**Task data**
(* Let $\Gamma$ be the triangle graph (three vertices, three edges $e_1,e_2,e_3$) with magnetic field $1$ at one vertex and $0$ at the other two, i.e. vertex weights $1,0,0$, so that its $\mathbf{V}$-polynomial is $$x_1\big(x_0^2+x_0(t_{e_1}+t_{e_2}+t_{e_3})+t_{e_1}(t_{e_2}+t_{e_3}+t_{e_2}t_{e_3})+t_{e_2}t_{e_3}\big)$$ in the variables $x_0,x_1,t_{e_1},t_{e_2},t_{e_3}$. Then the affine hypersurface in $\mathbb{A}^5$ defined by the vanishing of this polynomial is polynomially countable.
   Context: For a graph $\Gamma$ with vertex weight $\omega:V(\Gamma)\to S$, the $\mathbf{V}$-polynomial is $\mathbf{V}_\Gamma(t,x)=\sum_{A\subseteq E(\Gamma)}\prod_{j}x_{s_j}\prod_{e\in A}t_e$, where the product over $j$ runs over the connected components of the spanning subgraph with edge set $A$ and $s_j$ is the sum of the weights of the vertices of the $j$-th component. A hypersurface defined by a polynomial with integer coefficients is polynomially countable if for every prime $p$ and every power $q=p^r$, the number $N(q)$ of its $\mathbb{F}_q$-points is given by a polynomial in $q$ with integer coefficients. *)

From mathcomp Require Import all_boot all_algebra all_field.
Set Implicit Arguments. Unset Strict Implicit. Unset Printing Implicit Defensive.
Import GRing.Theory.
Local Open Scope ring_scope.

Definition Vtri (R : comNzRingType) (x0 x1 t1 t2 t3 : R) : R :=
  x1 * (x0 ^+ 2 + x0 * (t1 + t2 + t3) + t1 * (t2 + t3 + t2 * t3) + t2 * t3).

Definition Vtri_count (F : finFieldType) : nat :=
  #|[set v : F * F * F * F * F |
      Vtri v.1.1.1.1 v.1.1.1.2 v.1.1.2 v.1.2 v.2 == 0]|.

From mathcomp Require Import all_boot all_algebra all_field.
From mathcomp Require Import ring.
Import GRing.Theory.

(** Count the zeros over F_q fibre by fibre. Over x1 = 0 every point is a zero:
    q^4 points. For x1 <> 0 the polynomial is, up to the unit x1, affine in t1
    with slope x0 + c, c = t2 + t3 + t2 t3, and constant term (x0 + t2)(x0 + t3).
    Each of the q - 1 values x0 <> -c gives exactly one t1; at x0 = -c the
    constant term becomes t2(1 + t2) t3(1 + t3), and all q values of t1 are zeros
    exactly when this vanishes. As t(1 + t) has exactly two roots in any field,
    that happens for 4q - 4 pairs (t2, t3). Altogether
    q^4 + (q - 1)(q^3 - q^2 + 4q^2 - 4q) = 2q^4 + 2q^3 - 7q^2 + 4q. *)

Section FinTypeCounting.
Variable T : finType.

Lemma sum_nat_boolE (P : pred T) : \sum_(t : T) (P t : nat) = #|P|.
Proof. by rewrite -sum1_card [RHS]big_mkcond. Qed.

Lemma sum_if_eq (c : T) (m : T -> nat) (n : nat) :
  \sum_(t : T) (if t == c then m t else n) = m c + #|T|.-1 * n.
Proof.
rewrite (bigD1 c) //= eqxx -(cardC1 c) -sum_nat_const.
by congr (_ + _); apply: eq_big => [t|t /negbTE ->]; rewrite ?inE.
Qed.

Lemma sum_if_pred (P : pred T) (m n : nat) :
  \sum_(t : T) (if P t then m else n) = #|P| * m + #|predC P| * n.
Proof.
rewrite -!sum_nat_const [X in X + _]big_mkcond [X in _ + X]big_mkcond -big_split.
by apply: eq_bigr => t _; rewrite !inE unfold_in; case: (P t); rewrite /= ?addn0.
Qed.

End FinTypeCounting.

Lemma sum_mul_eq0 (T : finType) (R : idomainType) (f g : T -> R) :
  \sum_(x : T) \sum_(y : T) (f x * g y == 0)%R =
  #|[pred x | f x == 0%R]| * #|T| + #|[pred x | f x != 0%R]| * #|[pred y | g y == 0%R]|.
Proof.
have inner x : \sum_(y : T) (f x * g y == 0)%R =
    if f x == 0%R then #|T| else #|[pred y | g y == 0%R]|.
  under eq_bigr do rewrite mulf_eq0.
  by case: eqP => _; rewrite ?sum_nat_const ?muln1 ?sum_nat_boolE.
under eq_bigr do rewrite inner.
exact: (@sum_if_pred _ [pred x | f x == 0%R]).
Qed.

Section FiniteFieldCounting.
Variable F : finFieldType.
Local Notation q := #|F|.

Lemma sum_affine_eq0 (a b : F) :
  \sum_(t : F) (a * t + b == 0)%R = if a == 0%R then q * (b == 0%R) else 1.
Proof.
have [->|a_neq0] := eqVneq a 0%R.
  by under eq_bigr do rewrite mul0r add0r; rewrite sum_nat_const.
rewrite sum_nat_boolE -(card1 (- b / a)%R); apply: eq_card => t.
rewrite unfold_in inE /= addr_eq0; apply/eqP/eqP => [<-|->].
  by rewrite mulrC mulKf.
by rewrite mulrC divfK.
Qed.

Lemma card_roots2 (a b : F) :
  a != b -> #|[pred t : F | (t - a) * (t - b) == 0]%R| = 2.
Proof.
move=> neq_ab; rewrite -[RHS]/(true.+1) -neq_ab -card2; apply: eq_card => t.
by rewrite unfold_in !inE /= mulf_eq0 !subr_eq0.
Qed.

End FiniteFieldCounting.

Section TriangleCount.
Variable F : finFieldType.
Local Notation q := #|F|.

Lemma Vtri_count_nested : Vtri_count F =
  \sum_(x1 : F) \sum_(t2 : F) \sum_(t3 : F) \sum_(x0 : F) \sum_(t1 : F)
    (Vtri x0 x1 t1 t2 t3 == 0)%R.
Proof.
rewrite !pair_big /= /Vtri_count -sum1_card big_mkcond /=.
pose shuffle (v : F * F * F * F * F) : F * F * F * F * F :=
  let: (x1, t2, t3, x0, t1) := v in (x0, x1, t1, t2, t3).
pose unshuffle (v : F * F * F * F * F) : F * F * F * F * F :=
  let: (x0, x1, t1, t2, t3) := v in (x1, t2, t3, x0, t1).
rewrite (reindex shuffle); last by exists unshuffle => [] [[[[? ?] ?] ?] ?].
by apply: eq_bigr => [] [[[[x1 t2] t3] x0] t1] _; rewrite inE.
Qed.

Lemma Vtri_affine_t1 (x0 x1 t1 t2 t3 : F) : Vtri x0 x1 t1 t2 t3 =
  (x1 * ((x0 + (t2 + t3 + t2 * t3)) * t1 + (x0 + t2) * (x0 + t3)))%R.
Proof. by rewrite /Vtri; ring. Qed.

Lemma sum_Vtri_t1 (x0 x1 t2 t3 : F) : x1 != 0%R ->
  \sum_(t1 : F) (Vtri x0 x1 t1 t2 t3 == 0)%R =
  if x0 == (- (t2 + t3 + t2 * t3))%R then q * ((x0 + t2) * (x0 + t3) == 0)%R
  else 1.
Proof.
move=> x1_neq0; under eq_bigr do rewrite Vtri_affine_t1 mulf_eq0 (negbTE x1_neq0).
by rewrite sum_affine_eq0 addr_eq0.
Qed.

Lemma sum_Vtri_x0_t1 (x1 t2 t3 : F) : x1 != 0%R ->
  \sum_(x0 : F) \sum_(t1 : F) (Vtri x0 x1 t1 t2 t3 == 0)%R =
  q * (t2 * (t2 + 1) * (t3 * (t3 + 1)) == 0)%R + q.-1.
Proof.
move=> x1_neq0; under eq_bigr do rewrite sum_Vtri_t1 //.
rewrite sum_if_eq muln1; congr (q * (_ == _) + _); ring.
Qed.

Lemma card_mulrD1_eq0 : #|[pred t : F | t * (t + 1) == 0]%R| = 2.
Proof.
rewrite -(@card_roots2 F 0%R (-1)%R); last by rewrite eq_sym oppr_eq0 oner_eq0.
by apply: eq_card => t; rewrite !inE subr0 opprK.
Qed.

Lemma card_mulrD1_neq0 : #|[pred t : F | t * (t + 1) != 0]%R| = q - 2.
Proof.
rewrite -(cardC [pred t : F | t * (t + 1) == 0]%R) card_mulrD1_eq0 addKn.
by apply: eq_card => t; rewrite !inE.
Qed.

Lemma sum_Vtri_fiber (x1 : F) :
  \sum_(t2 : F) \sum_(t3 : F) \sum_(x0 : F) \sum_(t1 : F)
    (Vtri x0 x1 t1 t2 t3 == 0)%R =
  if x1 == 0%R then q ^ 4 else q * (2 * q + (q - 2) * 2) + q * (q * q.-1).
Proof.
have [->|x1_neq0] := eqVneq x1 0%R.
  have Vtri0 x0 t1 t2 t3 : Vtri x0 0 t1 t2 t3 = 0%R by rewrite /Vtri mul0r.
  transitivity (\sum_(t2 : F) \sum_(t3 : F) \sum_(x0 : F) \sum_(t1 : F) 1).
    by do 4!(apply: eq_bigr => ? _); rewrite Vtri0 eqxx.
  by rewrite !sum_nat_const !muln1.
under eq_bigr do under eq_bigr do rewrite sum_Vtri_x0_t1 //.
under eq_bigr do rewrite big_split -big_distrr /= sum_nat_const.
rewrite big_split -big_distrr /= sum_nat_const.
rewrite (@sum_mul_eq0 _ _ (fun t => t * (t + 1))%R (fun t => t * (t + 1))%R).
by rewrite card_mulrD1_eq0 card_mulrD1_neq0.
Qed.

Lemma Vtri_count_eq :
  Vtri_count F = q ^ 4 + q.-1 * (q * (2 * q + (q - 2) * 2) + q * (q * q.-1)).
Proof.
rewrite Vtri_count_nested.
by under eq_bigr do rewrite sum_Vtri_fiber; rewrite sum_if_eq.
Qed.

End TriangleCount.

Local Open Scope ring_scope.

Theorem theorem3p4 :
  exists P : {poly int}, forall F : finFieldType,
    (Vtri_count F)%:Z = P.[(#|F|)%:Z].
Proof.
exists (2%:P * 'X^4 + 2%:P * 'X^3 - 7%:P * 'X^2 + 4%:P * 'X) => F.
rewrite Vtri_count_eq !hornerE.
case: #|F| (card_finNzRing_gt1 F) => [|[|k]] // _.
rewrite !subSS subn0 /= !(PoszD, PoszM) -!natz.
ring.
Qed.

**Problem**
When you reach the line holding "a != b -> #|[pred" in the records above, begin reproducing exactly, stop after the line holding "move=> x1_neq0; under eq_bigr do rewrite sum_Vtri_t1", and output nothing else.

**Task output**
  a != b -> #|[pred t : F | (t - a) * (t - b) == 0]%R| = 2.
Proof.
move=> neq_ab; rewrite -[RHS]/(true.+1) -neq_ab -card2; apply: eq_card => t.
by rewrite unfold_in !inE /= mulf_eq0 !subr_eq0.
Qed.

End FiniteFieldCounting.

Section TriangleCount.
Variable F : finFieldType.
Local Notation q := #|F|.

Lemma Vtri_count_nested : Vtri_count F =
  \sum_(x1 : F) \sum_(t2 : F) \sum_(t3 : F) \sum_(x0 : F) \sum_(t1 : F)
    (Vtri x0 x1 t1 t2 t3 == 0)%R.
Proof.
rewrite !pair_big /= /Vtri_count -sum1_card big_mkcond /=.
pose shuffle (v : F * F * F * F * F) : F * F * F * F * F :=
  let: (x1, t2, t3, x0, t1) := v in (x0, x1, t1, t2, t3).
pose unshuffle (v : F * F * F * F * F) : F * F * F * F * F :=
  let: (x0, x1, t1, t2, t3) := v in (x1, t2, t3, x0, t1).
rewrite (reindex shuffle); last by exists unshuffle => [] [[[[? ?] ?] ?] ?].
by apply: eq_bigr => [] [[[[x1 t2] t3] x0] t1] _; rewrite inE.
Qed.

Lemma Vtri_affine_t1 (x0 x1 t1 t2 t3 : F) : Vtri x0 x1 t1 t2 t3 =
  (x1 * ((x0 + (t2 + t3 + t2 * t3)) * t1 + (x0 + t2) * (x0 + t3)))%R.
Proof. by rewrite /Vtri; ring. Qed.

Lemma sum_Vtri_t1 (x0 x1 t2 t3 : F) : x1 != 0%R ->
  \sum_(t1 : F) (Vtri x0 x1 t1 t2 t3 == 0)%R =
  if x0 == (- (t2 + t3 + t2 * t3))%R then q * ((x0 + t2) * (x0 + t3) == 0)%R
  else 1.
Proof.
move=> x1_neq0; under eq_bigr do rewrite Vtri_affine_t1 mulf_eq0 (negbTE x1_neq0).
by rewrite sum_affine_eq0 addr_eq0.
Qed.

Lemma sum_Vtri_x0_t1 (x1 t2 t3 : F) : x1 != 0%R ->
  \sum_(x0 : F) \sum_(t1 : F) (Vtri x0 x1 t1 t2 t3 == 0)%R =
  q * (t2 * (t2 + 1) * (t3 * (t3 + 1)) == 0)%R + q.-1.
Proof.
move=> x1_neq0; under eq_bigr do rewrite sum_Vtri_t1 //.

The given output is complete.